The numbers at the edge of the triangle are all 1, and each number inside the triangle is the sum of the two numbers above it. Write a function that computes the elements of Pascal’s triangle by means of a recursive process.

Do this exercise by implementing the pascal function in Main.scala, which takes a column c and a row r, counting from 0 and returns the number at that spot in the triangle. For example, pascal(0,2)=1, pascal(1,2)=2 and pascal(1,3)=3.

def pascal(c: Int, r: Int): Int
Exercise 2: Parentheses Balancing
Write a recursive function which verifies the balancing of parentheses in a string, which we represent as a List[Char] not a String. For example, the function should return true for the following strings:

(if (zero? x) max (/ 1 x))
I told him (that it’s not (yet) done). (But he wasn’t listening)
The function should return false for the following strings:

:-)
())(
The last example shows that it’s not enough to verify that a string contains the same number of opening and closing parentheses.

Do this exercise by implementing the balance function in Main.scala. Its signature is as follows:

def balance(chars: List[Char]): Boolean
There are three methods on List[Char] that are useful for this exercise:

chars.isEmpty: Boolean returns whether a list is empty
chars.head: Char returns the first element of the list
chars.tail: List[Char] returns the list without the first element
Hint: you can define an inner function if you need to pass extra parameters to your function.
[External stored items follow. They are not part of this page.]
Lemma zeta_cvg v : cvgn (zeta^~ v).
Proof.
have [y [y_gt0 Ay]] := zeta_limit_contraction.
have A_cvg v' w : (fun t => omega t.+1 v' * M v' w) @ \oo --> omega_lim v' * M v' w.
  exact: cvgM (omega_shift_cvg v') (cvg_cst _).
have [lam [T [lam_ge0 lam_lt1 contr]]] := eventually_contracting _ _ _ A_cvg y_gt0 Ay.
apply: (@affine_recursion_cvg _ _ (fun t v w => omega t.+1 v * M v w)
  (fun t v => omega t.+1 v * (1 + beta t v)) zeta y lam T) => //.
- by move=> t v' w; rewrite mulr_ge0 ?adjM_ge0 // ltW ?omega_gt0.
- by move=> v' w; apply/cvg_ex; eexists; exact: A_cvg.
- move=> v'; apply/cvg_ex; eexists.
  exact: cvgM (omega_shift_cvg v') (cvgD (cvg_cst _) (beta_cvg v')).
- exact: zetaS.
Qed.

Theorem eta_cvg v : cvgn (eta^~ v).
Proof.
have eta_shift : eta t.+1 v @[t --> \oo] -->
    1 + limn (beta^~ v) + \sum_w M v w * limn (zeta^~ w).
  apply: cvgD; first exact: cvgD (cvg_cst _) (beta_cvg v).
  apply: cvg_sumr => w; under eq_cvg do rewrite -mulrA.
  exact: cvgM (cvg_cst _) (zeta_cvg w).
by apply/cvg_ex; eexists; rewrite -cvg_shiftS; exact: eta_shift.
Qed.

End Recursion.

Theorem lemma4 (R : realType) (V : finType) (Phi : rel V)
    (alpha beta : nat -> V -> R) (r s : V -> R)
    (alpha_ge0 : forall t v, 0 <= alpha t v)
    (beta_ge0 : forall t v, 0 <= beta t v)
    (alpha_nd : forall t v, alpha t v <= alpha t.+1 v)
    (beta_cvg : forall v, cvg ((fun t => beta t v) @ \oo))
    (r_gt0 : forall v, 0 < r v) (s_gt0 : forall v, 0 < s v)
    (rs : forall v, r v = (s v)^-1)
    (hSC : strongly_connected Phi)
    (hnz : exists v, exists t, alpha t v != 0) :
  (forall u, cvg ((fun t => omega_seq Phi r s alpha t u) @ \oo)) /\
  (forall u, cvg ((fun t => eta_seq Phi r s alpha beta t u) @ \oo)) /\
  (forall u, (forall t, omega_seq Phi r s alpha t.+1 u <= omega_seq Phi r s alpha t u) /\
             lim ((fun t => omega_seq Phi r s alpha t u) @ \oo) < 1).
Proof.
split; first by move=> u; apply: omega_cvg.
split; first by move=> u; apply: eta_cvg.
move=> u; split; first by move=> t; apply: omega_nonincreasing.
exact: omega_lim_lt1.
Qed.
Testing: You can use the toList method to convert from a String to a List[Char]: e.g. "(just an) example".toList.

Exercise 3: Counting Change
Write a recursive function that counts how many different ways you can make change for an amount, given a list of coin denominations. For example, there are 3 ways to give change for 4 if you have coins with denomiation 1 and 2: 1+1+1+1, 1+1+2, 2+2.

Do this exercise by implementing the countChange function in Main.scala. This function takes an amount to change, and a list of unique denominations for the coins. Its signature is as follows:

def countChange(money: Int, coins: List[Int]): Int
Once again, you can make use of functions isEmpty, head and tail on the list of integers coins.

Hint: Think of the degenerate cases. How many ways can you give change for 0 CHF? How many ways can you give change for >0 CHF, if you have no coins?

package recfun
import common._

object Main {
  def main(args: Array[String]) {
    println("Pascal's Triangle")
    for (row <- 0 to 10) {//change to 22 to check pascal if out of Int range
      for (col <- 0 to row)
        print(pascal(col, row) + " ")
      println()
    }
  }

  /**
   * Exercise 1
   */
  def pascal(c: Int, r: Int): Int = {
    //everytime mutiply a little num in case of overflow Int range
def factB(c: Int, r: Int): Int =if (c==0) 1 else factB(c-1,r)*(r-c+1)/c
factB(c,r)
  }

  /**
   * Exercise 2
   */
  def balance(chars: List[Char]): Boolean ={
  def count(char:Char):Int ={
  if (char == '(') 1
  else if (char == ')') -1
  else 0
  }
  def isOK(len:Int,chars:List[Char]):Boolean={
  if (chars.isEmpty) len==0
  else if (len==0 && count(chars.head) == -1) false
  else isOK(len+count(chars.head),chars.tail)
  }
  isOK(0,chars)
  }

  /**
   * Exercise 3
   */
  def countChange(money: Int, coins: List[Int]): Int =
if (money==0) 1
else if (coins.isEmpty || money<0) 0
else countChange(money,coins.tail)+countChange(money-coins.head,coins)
}